YOUR OBJECTIVE:
Would you output the entries below only from the line containing "(Being a ring" through the line containing "J_0 < J_1 < ... < J_k", exactly as they stand and with both ends included?

GIVEN RECORDS:
_____
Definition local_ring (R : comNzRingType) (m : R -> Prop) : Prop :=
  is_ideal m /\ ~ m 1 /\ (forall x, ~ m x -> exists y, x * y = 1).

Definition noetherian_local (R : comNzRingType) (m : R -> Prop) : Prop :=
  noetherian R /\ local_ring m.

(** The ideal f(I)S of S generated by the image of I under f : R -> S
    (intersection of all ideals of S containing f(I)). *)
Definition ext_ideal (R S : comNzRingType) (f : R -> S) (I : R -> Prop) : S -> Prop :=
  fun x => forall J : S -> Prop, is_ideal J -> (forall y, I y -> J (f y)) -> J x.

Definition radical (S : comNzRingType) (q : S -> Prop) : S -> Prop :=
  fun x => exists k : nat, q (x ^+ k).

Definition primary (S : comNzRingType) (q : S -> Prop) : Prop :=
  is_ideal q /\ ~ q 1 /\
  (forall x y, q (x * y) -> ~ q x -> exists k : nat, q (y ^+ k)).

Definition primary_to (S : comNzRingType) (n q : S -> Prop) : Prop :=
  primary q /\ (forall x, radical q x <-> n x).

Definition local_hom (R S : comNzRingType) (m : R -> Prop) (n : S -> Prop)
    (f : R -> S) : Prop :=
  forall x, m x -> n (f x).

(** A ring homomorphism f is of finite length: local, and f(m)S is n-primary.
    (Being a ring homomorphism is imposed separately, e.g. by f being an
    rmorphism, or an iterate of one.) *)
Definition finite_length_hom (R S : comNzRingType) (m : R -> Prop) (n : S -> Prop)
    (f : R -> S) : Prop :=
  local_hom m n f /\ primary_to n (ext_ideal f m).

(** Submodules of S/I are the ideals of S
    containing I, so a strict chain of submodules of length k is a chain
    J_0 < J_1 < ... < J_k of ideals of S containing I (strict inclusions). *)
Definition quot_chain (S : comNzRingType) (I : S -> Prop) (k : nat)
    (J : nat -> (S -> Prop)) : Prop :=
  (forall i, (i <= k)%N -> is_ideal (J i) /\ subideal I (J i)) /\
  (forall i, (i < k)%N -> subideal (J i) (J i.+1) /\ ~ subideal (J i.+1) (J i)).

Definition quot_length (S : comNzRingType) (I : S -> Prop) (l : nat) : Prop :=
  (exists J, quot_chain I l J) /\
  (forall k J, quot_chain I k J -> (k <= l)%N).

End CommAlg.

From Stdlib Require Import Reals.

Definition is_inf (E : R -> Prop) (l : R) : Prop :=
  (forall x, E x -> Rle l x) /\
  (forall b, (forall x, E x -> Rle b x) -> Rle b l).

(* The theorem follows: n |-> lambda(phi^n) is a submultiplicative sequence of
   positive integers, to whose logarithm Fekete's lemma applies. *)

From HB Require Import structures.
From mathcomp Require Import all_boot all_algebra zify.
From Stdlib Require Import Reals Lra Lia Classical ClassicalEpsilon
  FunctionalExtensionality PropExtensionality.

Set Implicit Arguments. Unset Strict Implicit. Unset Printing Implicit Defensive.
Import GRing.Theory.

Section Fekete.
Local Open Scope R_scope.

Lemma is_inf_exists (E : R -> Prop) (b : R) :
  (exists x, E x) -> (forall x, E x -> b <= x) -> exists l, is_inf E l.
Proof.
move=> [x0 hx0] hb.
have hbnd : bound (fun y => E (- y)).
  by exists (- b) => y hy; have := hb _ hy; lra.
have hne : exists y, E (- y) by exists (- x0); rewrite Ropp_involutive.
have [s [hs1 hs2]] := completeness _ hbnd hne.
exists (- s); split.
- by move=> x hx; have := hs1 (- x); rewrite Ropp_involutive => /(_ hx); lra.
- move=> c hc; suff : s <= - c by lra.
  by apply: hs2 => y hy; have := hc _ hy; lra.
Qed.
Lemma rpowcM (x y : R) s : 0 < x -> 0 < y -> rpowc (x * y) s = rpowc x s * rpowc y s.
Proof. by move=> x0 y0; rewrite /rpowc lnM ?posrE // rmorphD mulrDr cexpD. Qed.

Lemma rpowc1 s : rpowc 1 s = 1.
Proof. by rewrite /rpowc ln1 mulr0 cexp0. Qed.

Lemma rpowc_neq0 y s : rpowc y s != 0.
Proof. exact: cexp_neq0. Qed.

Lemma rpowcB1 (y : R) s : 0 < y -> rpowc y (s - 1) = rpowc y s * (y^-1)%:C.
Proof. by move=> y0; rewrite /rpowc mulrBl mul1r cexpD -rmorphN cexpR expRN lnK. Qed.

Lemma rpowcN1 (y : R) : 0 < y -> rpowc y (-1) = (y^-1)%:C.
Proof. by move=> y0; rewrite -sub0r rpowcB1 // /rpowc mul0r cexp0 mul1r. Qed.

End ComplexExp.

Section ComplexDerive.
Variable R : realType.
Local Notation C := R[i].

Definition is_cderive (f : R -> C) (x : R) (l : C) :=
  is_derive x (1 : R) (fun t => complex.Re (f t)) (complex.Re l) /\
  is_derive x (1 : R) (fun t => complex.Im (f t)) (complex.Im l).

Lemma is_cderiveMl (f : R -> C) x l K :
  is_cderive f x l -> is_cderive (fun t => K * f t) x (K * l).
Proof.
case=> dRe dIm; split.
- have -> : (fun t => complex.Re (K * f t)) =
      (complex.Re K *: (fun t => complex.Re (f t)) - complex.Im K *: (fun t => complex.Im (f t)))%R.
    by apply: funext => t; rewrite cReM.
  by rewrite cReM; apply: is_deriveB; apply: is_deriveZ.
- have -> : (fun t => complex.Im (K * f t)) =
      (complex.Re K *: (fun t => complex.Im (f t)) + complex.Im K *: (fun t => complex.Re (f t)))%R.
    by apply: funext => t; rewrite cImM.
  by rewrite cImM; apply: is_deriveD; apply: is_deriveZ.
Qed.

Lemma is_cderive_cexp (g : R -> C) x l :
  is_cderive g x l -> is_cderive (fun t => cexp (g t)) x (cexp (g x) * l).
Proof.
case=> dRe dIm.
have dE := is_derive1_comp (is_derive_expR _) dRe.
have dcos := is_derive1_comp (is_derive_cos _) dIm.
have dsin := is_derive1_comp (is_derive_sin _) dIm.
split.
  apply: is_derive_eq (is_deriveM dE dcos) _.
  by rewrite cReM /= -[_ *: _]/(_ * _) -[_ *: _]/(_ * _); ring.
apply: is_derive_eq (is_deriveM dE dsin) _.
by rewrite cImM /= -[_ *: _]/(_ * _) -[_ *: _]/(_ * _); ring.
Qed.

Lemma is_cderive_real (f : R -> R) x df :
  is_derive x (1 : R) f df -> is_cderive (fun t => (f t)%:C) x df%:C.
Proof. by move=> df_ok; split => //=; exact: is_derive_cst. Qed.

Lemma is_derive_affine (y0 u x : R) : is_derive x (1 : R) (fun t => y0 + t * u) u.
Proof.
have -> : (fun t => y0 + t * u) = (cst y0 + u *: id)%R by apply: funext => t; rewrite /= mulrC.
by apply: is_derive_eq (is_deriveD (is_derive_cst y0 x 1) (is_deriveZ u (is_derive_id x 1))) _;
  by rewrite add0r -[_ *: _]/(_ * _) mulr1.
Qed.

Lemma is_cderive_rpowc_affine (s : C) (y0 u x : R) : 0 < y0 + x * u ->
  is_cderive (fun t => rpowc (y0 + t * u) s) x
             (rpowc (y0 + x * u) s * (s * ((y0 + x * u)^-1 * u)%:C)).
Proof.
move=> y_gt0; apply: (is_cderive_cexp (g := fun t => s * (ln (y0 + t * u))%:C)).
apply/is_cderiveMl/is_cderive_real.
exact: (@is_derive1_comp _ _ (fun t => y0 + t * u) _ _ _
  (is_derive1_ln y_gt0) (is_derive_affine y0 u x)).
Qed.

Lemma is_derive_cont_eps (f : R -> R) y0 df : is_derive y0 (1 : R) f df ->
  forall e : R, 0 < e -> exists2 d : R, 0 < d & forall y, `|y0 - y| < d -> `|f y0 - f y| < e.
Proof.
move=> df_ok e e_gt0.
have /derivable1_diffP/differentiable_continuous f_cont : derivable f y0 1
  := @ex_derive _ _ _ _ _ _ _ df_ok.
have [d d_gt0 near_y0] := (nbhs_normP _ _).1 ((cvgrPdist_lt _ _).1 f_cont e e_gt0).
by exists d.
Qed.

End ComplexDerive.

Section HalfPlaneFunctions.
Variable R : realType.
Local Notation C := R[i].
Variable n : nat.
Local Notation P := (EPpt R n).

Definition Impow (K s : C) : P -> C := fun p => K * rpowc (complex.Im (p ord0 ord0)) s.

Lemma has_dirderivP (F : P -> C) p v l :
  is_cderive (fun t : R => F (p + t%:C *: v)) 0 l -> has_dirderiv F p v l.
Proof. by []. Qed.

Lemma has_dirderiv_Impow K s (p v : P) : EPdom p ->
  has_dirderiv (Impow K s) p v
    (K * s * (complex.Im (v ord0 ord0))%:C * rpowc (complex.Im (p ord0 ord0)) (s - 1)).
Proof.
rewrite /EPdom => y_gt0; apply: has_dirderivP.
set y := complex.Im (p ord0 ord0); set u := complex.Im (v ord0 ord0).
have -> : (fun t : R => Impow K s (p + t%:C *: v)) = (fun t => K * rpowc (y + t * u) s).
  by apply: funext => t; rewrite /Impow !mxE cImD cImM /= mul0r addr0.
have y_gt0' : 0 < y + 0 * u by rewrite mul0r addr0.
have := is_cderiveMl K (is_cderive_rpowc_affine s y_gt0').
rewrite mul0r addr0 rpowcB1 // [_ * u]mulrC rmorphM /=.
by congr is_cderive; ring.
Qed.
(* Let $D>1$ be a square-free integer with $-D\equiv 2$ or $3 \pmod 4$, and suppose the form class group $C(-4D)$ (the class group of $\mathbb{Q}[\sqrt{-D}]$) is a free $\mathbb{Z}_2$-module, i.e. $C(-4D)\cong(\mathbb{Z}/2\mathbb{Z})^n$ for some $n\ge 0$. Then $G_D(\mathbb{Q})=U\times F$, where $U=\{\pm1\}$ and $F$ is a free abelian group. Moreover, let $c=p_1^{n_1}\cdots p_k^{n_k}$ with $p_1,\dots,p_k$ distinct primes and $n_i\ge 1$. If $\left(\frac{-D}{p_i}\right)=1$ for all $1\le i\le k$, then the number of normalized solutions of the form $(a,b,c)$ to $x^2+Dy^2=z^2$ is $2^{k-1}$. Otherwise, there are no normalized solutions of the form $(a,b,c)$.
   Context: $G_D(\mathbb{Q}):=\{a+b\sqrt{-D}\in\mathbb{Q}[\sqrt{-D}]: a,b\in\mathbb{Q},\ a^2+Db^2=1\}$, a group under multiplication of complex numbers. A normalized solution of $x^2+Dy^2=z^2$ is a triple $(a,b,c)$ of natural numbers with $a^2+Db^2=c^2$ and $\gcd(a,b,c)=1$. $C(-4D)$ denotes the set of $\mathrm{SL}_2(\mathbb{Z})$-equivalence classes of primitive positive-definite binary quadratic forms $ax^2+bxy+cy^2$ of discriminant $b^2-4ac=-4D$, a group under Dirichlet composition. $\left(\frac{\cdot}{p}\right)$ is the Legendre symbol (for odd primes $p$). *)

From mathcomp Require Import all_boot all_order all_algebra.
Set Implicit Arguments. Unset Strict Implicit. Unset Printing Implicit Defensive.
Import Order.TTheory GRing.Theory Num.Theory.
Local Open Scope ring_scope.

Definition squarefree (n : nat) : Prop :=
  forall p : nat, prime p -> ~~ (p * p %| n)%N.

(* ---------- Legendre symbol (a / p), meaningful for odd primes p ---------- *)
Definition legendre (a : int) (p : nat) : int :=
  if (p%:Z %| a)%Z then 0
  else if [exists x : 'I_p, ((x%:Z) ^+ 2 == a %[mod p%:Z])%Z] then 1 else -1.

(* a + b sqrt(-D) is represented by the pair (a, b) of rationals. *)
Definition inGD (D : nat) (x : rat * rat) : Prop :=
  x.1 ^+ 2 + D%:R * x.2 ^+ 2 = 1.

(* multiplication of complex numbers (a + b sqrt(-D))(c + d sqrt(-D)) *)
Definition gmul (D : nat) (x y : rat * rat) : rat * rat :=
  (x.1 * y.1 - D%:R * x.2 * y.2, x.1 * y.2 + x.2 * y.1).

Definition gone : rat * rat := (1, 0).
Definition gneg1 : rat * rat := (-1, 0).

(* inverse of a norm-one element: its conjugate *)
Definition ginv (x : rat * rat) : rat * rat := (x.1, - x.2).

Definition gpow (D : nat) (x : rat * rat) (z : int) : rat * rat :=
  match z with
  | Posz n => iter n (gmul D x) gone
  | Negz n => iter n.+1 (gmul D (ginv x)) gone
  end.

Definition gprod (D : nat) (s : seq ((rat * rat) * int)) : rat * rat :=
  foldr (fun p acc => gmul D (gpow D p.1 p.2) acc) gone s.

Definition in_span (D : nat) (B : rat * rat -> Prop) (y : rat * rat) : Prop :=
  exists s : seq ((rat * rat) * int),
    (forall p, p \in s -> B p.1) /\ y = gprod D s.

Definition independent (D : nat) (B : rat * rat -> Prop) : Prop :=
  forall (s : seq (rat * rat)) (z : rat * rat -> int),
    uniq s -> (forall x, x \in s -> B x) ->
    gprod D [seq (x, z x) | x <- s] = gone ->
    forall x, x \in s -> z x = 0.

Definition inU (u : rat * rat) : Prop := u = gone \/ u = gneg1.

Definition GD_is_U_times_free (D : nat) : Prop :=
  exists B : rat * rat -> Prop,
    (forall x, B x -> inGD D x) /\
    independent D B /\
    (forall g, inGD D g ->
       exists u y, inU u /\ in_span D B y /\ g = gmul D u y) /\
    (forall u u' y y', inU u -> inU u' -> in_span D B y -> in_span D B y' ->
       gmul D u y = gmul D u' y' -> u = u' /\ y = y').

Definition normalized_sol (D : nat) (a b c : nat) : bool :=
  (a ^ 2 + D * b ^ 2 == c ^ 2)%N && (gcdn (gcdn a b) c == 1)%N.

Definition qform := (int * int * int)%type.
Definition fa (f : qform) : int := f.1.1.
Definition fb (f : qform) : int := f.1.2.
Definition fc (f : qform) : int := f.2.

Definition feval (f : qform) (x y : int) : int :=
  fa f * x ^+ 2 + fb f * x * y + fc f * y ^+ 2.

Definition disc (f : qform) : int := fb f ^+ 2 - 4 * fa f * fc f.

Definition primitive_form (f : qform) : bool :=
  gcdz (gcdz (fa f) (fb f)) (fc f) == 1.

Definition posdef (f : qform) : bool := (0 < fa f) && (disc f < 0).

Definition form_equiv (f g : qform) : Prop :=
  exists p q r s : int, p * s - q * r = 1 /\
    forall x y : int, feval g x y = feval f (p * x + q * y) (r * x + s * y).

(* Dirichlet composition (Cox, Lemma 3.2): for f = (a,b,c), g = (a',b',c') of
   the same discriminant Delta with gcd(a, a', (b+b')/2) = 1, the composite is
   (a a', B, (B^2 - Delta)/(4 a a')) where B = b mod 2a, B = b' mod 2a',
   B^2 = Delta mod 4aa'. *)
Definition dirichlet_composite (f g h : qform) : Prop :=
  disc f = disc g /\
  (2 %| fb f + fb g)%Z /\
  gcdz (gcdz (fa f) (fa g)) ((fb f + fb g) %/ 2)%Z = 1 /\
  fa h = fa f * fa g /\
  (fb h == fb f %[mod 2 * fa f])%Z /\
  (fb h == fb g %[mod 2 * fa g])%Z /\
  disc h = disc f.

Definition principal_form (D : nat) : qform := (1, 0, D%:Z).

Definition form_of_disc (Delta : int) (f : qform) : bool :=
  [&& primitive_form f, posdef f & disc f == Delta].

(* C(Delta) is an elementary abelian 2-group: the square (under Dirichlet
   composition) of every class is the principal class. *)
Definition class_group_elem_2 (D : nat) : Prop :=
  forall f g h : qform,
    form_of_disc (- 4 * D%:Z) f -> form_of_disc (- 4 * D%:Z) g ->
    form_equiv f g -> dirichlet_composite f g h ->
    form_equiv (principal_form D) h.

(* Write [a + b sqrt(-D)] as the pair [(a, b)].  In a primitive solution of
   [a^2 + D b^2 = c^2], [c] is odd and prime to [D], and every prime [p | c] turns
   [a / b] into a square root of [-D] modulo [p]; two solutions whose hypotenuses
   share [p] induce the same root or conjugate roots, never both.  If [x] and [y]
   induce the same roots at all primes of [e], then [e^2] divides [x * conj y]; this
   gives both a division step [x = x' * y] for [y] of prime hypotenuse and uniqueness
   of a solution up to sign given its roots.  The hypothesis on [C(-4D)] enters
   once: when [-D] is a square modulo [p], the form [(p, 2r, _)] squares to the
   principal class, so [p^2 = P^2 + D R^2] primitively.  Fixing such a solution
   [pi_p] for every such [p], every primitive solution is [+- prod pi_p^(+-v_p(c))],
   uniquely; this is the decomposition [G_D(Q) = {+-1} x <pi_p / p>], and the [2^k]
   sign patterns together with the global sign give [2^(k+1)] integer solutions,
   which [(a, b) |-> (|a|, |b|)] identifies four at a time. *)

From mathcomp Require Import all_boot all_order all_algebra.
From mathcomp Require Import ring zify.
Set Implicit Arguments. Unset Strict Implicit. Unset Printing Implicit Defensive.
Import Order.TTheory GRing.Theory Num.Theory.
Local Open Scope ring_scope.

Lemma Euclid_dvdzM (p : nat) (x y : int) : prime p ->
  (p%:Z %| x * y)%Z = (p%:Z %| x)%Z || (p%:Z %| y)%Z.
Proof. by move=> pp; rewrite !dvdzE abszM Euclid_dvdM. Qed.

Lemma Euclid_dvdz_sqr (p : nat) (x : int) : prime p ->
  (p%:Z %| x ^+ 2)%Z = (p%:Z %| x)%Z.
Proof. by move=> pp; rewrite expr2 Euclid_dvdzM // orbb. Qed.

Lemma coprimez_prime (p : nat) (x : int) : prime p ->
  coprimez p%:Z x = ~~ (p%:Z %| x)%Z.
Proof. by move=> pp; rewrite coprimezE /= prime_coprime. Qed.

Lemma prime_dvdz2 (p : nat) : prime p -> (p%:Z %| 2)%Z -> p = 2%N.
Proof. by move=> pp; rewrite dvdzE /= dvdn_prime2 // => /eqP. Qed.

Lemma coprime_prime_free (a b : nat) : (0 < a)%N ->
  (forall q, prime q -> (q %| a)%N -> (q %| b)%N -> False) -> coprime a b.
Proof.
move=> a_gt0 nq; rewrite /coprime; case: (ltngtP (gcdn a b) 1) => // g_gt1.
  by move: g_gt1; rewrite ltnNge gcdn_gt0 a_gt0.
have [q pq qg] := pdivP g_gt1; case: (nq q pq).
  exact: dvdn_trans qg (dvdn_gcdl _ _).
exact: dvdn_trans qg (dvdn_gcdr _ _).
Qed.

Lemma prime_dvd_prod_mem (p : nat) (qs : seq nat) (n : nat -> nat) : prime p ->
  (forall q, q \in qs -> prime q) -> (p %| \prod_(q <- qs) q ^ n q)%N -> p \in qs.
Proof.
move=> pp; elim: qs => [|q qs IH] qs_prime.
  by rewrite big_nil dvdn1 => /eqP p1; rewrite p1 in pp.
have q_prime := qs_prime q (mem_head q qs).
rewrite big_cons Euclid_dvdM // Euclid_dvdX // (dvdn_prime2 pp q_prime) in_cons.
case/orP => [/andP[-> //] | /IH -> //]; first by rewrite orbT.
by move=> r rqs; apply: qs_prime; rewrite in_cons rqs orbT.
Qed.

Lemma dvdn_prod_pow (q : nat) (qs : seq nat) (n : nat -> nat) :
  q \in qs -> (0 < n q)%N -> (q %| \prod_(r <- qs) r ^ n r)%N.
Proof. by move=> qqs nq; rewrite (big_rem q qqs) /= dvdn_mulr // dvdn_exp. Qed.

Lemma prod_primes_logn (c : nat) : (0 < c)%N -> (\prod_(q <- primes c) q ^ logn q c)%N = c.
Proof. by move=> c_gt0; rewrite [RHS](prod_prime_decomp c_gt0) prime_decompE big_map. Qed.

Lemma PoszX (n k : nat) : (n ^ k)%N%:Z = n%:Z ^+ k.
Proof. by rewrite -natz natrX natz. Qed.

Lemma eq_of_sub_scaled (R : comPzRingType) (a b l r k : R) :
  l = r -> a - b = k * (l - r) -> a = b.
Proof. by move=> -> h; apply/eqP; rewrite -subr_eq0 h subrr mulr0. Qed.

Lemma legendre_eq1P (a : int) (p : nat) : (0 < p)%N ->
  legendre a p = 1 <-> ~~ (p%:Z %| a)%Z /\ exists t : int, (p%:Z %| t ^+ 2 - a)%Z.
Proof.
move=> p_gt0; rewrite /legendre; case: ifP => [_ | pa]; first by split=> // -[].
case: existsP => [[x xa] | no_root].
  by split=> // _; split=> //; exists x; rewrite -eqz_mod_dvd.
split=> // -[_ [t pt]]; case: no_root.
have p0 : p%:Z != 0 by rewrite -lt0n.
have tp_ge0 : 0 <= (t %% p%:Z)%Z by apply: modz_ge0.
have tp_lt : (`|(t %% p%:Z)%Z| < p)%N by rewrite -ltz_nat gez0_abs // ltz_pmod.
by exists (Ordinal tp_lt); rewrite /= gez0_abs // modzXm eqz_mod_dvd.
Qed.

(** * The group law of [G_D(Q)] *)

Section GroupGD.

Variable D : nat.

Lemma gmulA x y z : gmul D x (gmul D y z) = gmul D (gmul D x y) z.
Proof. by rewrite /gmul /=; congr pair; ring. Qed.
_____
EXERCISE RESULT:
    (Being a ring homomorphism is imposed separately, e.g. by f being an
    rmorphism, or an iterate of one.) *)
Definition finite_length_hom (R S : comNzRingType) (m : R -> Prop) (n : S -> Prop)
    (f : R -> S) : Prop :=
  local_hom m n f /\ primary_to n (ext_ideal f m).

(** Submodules of S/I are the ideals of S
    containing I, so a strict chain of submodules of length k is a chain
    J_0 < J_1 < ... < J_k of ideals of S containing I (strict inclusions). *)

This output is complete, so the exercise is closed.